→ Dataset items:

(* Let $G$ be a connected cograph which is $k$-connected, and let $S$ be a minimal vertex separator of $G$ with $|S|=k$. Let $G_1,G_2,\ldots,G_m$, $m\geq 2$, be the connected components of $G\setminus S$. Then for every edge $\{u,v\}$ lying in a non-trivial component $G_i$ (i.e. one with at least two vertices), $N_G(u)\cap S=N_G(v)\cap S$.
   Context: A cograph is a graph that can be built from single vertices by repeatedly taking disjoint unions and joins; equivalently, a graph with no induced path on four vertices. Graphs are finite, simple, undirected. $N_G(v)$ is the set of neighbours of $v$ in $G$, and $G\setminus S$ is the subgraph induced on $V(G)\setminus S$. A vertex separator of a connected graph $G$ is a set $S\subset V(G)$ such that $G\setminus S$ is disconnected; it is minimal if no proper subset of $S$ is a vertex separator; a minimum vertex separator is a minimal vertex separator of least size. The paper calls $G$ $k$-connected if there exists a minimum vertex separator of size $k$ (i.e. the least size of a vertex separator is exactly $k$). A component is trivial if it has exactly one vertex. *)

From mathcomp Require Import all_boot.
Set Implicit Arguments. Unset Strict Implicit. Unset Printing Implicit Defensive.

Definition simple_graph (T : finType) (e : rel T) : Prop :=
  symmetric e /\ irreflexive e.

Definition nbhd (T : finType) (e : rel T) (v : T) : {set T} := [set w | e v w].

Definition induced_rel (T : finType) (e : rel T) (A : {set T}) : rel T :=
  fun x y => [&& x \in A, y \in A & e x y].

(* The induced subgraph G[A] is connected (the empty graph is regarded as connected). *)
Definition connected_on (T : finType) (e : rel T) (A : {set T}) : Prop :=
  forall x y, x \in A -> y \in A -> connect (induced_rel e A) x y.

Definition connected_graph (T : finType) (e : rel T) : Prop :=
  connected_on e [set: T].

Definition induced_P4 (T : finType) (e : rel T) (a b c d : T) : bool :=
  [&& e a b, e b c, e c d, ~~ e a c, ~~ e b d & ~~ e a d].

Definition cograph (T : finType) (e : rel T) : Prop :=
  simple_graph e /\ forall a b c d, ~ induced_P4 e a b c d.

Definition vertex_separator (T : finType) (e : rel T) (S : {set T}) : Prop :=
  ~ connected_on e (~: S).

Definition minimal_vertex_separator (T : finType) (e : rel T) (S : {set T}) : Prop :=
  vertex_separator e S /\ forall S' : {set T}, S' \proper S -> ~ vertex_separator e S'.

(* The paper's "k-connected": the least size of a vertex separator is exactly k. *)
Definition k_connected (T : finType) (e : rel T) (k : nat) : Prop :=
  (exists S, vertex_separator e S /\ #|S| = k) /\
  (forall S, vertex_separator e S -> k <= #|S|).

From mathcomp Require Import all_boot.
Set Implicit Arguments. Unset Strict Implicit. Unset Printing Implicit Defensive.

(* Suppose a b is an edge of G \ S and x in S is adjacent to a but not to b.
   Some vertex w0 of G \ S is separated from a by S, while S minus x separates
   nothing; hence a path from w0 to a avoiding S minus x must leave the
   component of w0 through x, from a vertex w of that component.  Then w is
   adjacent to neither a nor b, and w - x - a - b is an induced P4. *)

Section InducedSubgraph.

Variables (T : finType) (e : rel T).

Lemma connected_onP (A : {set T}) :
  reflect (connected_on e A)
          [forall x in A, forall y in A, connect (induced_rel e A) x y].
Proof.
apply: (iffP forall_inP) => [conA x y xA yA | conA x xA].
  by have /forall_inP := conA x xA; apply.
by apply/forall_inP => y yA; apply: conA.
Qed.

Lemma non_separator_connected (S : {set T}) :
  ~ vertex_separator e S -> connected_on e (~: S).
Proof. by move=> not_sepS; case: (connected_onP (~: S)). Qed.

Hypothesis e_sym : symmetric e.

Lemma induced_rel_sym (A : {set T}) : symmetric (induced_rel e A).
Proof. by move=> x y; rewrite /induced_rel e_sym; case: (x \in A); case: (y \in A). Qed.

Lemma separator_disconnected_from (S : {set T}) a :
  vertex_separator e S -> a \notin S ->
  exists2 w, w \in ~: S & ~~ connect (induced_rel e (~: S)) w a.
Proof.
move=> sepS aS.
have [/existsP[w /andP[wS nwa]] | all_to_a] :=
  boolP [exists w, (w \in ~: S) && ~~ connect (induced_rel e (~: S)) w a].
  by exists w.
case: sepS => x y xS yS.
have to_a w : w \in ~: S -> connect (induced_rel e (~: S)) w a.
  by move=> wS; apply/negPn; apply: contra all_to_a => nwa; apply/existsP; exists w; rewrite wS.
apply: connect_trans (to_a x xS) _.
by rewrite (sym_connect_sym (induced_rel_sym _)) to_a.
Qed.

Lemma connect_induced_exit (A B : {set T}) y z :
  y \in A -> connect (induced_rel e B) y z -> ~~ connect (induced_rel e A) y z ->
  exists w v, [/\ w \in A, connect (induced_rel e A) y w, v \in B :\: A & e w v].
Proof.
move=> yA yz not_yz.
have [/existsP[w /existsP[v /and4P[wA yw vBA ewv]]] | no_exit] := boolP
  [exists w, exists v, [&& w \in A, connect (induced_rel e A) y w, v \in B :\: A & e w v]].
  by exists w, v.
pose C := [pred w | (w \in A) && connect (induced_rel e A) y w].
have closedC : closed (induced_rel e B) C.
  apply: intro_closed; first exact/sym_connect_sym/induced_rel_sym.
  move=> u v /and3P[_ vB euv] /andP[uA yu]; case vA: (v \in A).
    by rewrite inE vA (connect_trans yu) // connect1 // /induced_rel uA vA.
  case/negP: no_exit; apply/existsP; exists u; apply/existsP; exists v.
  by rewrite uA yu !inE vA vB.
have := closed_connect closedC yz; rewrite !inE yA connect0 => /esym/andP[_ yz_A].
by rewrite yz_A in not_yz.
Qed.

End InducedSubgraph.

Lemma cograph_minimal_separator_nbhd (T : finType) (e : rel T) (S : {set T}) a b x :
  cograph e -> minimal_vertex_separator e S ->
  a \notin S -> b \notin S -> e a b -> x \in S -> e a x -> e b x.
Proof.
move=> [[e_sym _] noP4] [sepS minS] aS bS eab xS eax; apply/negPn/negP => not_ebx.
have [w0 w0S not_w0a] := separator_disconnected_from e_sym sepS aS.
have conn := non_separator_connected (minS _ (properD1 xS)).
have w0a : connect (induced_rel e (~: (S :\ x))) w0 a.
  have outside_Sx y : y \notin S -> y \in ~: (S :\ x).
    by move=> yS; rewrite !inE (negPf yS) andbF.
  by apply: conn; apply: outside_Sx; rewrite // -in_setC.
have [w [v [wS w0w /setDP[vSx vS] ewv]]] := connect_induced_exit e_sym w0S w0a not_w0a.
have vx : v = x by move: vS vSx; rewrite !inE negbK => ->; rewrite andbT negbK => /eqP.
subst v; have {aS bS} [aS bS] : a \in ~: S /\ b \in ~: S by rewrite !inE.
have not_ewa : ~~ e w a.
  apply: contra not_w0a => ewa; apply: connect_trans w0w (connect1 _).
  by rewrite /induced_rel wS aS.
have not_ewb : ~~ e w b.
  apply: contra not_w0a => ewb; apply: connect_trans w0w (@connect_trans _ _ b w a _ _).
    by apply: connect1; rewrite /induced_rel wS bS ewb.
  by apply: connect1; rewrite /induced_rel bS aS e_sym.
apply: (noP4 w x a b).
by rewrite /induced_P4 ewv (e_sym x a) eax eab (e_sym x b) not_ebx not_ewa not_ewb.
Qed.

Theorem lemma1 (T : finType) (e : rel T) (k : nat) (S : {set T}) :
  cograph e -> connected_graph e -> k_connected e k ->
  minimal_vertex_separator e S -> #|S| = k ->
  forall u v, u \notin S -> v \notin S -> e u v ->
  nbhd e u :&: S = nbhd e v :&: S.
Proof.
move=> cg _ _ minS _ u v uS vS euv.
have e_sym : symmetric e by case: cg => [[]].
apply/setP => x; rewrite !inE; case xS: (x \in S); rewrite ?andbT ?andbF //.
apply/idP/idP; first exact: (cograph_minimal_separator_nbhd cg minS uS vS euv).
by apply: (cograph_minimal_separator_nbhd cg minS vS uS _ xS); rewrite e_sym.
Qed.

...

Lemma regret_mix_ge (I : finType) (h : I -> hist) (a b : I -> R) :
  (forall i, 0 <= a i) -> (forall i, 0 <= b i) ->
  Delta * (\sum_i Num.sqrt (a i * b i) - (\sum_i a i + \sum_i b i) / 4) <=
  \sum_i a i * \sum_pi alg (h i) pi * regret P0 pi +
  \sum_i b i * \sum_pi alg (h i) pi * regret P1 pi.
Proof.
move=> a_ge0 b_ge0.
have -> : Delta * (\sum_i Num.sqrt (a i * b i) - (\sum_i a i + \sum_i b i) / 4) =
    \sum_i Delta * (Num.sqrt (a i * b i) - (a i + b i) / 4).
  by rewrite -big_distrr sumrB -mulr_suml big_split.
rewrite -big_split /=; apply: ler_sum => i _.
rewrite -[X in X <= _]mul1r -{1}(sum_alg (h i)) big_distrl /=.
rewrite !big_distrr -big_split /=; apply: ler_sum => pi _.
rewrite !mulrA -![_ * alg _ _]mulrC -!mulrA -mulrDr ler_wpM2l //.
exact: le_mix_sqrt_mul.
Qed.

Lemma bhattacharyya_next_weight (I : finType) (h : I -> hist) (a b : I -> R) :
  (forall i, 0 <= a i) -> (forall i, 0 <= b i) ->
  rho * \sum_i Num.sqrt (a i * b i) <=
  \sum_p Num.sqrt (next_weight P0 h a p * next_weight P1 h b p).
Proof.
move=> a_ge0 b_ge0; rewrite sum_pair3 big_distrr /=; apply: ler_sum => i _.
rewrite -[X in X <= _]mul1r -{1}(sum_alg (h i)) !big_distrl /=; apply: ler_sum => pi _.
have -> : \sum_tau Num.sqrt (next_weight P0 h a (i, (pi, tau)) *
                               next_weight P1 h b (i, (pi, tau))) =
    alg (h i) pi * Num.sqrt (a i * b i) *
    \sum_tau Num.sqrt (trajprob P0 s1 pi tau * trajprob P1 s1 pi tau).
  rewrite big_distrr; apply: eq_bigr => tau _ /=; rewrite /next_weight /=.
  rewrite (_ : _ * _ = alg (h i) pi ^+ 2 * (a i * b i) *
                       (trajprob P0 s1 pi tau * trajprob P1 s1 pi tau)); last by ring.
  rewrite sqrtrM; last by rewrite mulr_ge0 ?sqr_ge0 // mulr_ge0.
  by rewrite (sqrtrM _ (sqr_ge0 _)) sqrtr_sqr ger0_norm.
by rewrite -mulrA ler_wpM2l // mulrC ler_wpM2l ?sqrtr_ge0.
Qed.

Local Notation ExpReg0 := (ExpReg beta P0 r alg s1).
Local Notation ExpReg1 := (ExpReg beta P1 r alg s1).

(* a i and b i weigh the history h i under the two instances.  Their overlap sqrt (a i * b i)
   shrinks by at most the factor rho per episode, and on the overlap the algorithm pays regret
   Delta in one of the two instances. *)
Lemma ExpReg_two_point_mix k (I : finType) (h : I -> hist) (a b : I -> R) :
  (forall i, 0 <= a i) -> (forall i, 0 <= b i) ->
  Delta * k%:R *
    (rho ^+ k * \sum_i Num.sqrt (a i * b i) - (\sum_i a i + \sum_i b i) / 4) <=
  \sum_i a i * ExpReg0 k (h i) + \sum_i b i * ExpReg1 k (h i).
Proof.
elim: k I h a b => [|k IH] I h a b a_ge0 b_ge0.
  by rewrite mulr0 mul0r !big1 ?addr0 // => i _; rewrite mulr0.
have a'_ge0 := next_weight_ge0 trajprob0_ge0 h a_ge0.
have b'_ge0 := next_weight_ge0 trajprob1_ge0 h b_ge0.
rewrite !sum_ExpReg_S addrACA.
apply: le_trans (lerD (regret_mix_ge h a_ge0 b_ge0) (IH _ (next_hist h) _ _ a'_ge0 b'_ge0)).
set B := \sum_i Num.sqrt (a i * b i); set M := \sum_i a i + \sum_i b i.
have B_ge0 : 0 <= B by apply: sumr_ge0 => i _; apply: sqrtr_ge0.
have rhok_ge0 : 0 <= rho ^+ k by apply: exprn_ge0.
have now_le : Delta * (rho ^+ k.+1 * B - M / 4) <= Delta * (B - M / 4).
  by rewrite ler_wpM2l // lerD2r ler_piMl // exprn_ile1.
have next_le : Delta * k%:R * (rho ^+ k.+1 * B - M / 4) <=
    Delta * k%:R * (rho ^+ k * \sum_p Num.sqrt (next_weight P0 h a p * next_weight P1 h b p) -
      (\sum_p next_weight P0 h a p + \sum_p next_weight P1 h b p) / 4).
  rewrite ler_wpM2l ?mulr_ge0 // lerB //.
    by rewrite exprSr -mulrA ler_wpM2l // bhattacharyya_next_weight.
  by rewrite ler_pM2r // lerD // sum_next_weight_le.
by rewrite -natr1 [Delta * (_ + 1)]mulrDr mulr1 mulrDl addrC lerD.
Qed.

---

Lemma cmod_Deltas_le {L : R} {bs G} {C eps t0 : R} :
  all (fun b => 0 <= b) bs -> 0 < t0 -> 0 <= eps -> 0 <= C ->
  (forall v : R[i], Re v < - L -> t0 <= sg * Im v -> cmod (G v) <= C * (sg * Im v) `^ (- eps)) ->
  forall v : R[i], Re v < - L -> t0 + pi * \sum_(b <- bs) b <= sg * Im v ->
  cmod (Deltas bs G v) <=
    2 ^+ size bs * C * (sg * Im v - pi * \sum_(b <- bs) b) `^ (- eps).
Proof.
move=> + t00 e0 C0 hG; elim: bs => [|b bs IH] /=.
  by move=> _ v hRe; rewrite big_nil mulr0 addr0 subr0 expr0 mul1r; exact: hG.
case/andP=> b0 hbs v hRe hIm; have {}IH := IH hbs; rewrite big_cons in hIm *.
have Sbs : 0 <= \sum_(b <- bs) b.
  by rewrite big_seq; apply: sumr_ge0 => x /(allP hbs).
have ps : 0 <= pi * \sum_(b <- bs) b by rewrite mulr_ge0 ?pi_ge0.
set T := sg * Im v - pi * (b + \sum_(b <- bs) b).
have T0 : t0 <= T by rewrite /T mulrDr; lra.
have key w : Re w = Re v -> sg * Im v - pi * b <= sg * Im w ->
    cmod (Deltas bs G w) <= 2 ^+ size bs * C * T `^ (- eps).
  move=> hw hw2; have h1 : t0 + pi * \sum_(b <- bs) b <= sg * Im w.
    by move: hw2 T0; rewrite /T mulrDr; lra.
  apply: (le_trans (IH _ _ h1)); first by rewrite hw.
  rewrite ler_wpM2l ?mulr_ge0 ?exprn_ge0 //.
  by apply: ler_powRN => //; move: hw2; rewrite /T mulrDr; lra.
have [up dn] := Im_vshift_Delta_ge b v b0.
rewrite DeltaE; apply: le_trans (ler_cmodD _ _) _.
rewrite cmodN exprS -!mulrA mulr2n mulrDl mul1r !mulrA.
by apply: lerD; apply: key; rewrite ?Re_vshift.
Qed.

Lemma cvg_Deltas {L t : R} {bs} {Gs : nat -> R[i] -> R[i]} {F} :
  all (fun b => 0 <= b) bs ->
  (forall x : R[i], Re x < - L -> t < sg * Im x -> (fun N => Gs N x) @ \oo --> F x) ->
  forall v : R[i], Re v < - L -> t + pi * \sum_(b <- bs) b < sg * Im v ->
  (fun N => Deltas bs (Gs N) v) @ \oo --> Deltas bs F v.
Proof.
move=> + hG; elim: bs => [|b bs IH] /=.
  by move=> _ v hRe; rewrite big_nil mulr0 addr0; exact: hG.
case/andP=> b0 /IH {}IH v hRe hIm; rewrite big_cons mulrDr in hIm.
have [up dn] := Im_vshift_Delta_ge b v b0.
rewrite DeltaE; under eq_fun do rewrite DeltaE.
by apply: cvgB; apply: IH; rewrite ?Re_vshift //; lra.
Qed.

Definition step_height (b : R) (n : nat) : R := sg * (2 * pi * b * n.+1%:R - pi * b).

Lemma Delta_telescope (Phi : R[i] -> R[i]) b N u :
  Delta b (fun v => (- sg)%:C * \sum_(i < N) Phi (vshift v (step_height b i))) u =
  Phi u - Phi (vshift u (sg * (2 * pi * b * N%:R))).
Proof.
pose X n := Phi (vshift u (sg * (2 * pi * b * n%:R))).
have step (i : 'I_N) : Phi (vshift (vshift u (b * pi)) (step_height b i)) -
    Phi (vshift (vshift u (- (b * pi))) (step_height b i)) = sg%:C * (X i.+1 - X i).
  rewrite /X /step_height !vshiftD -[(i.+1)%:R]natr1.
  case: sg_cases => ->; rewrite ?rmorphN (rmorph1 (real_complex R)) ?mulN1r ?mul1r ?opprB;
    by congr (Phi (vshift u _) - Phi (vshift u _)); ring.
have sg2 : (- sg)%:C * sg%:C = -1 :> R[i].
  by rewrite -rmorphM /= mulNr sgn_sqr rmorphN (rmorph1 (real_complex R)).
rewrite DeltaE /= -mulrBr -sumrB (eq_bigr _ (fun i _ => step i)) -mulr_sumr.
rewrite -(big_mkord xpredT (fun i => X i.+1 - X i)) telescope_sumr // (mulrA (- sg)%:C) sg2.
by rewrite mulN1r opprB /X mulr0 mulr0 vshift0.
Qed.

→ What this task involves: When a line in the data holds the word "last", show that line.

→ Written answer:
                       (trajprob P0 s1 pi tau * trajprob P1 s1 pi tau)); last by ring.
  rewrite sqrtrM; last by rewrite mulr_ge0 ?sqr_ge0 // mulr_ge0.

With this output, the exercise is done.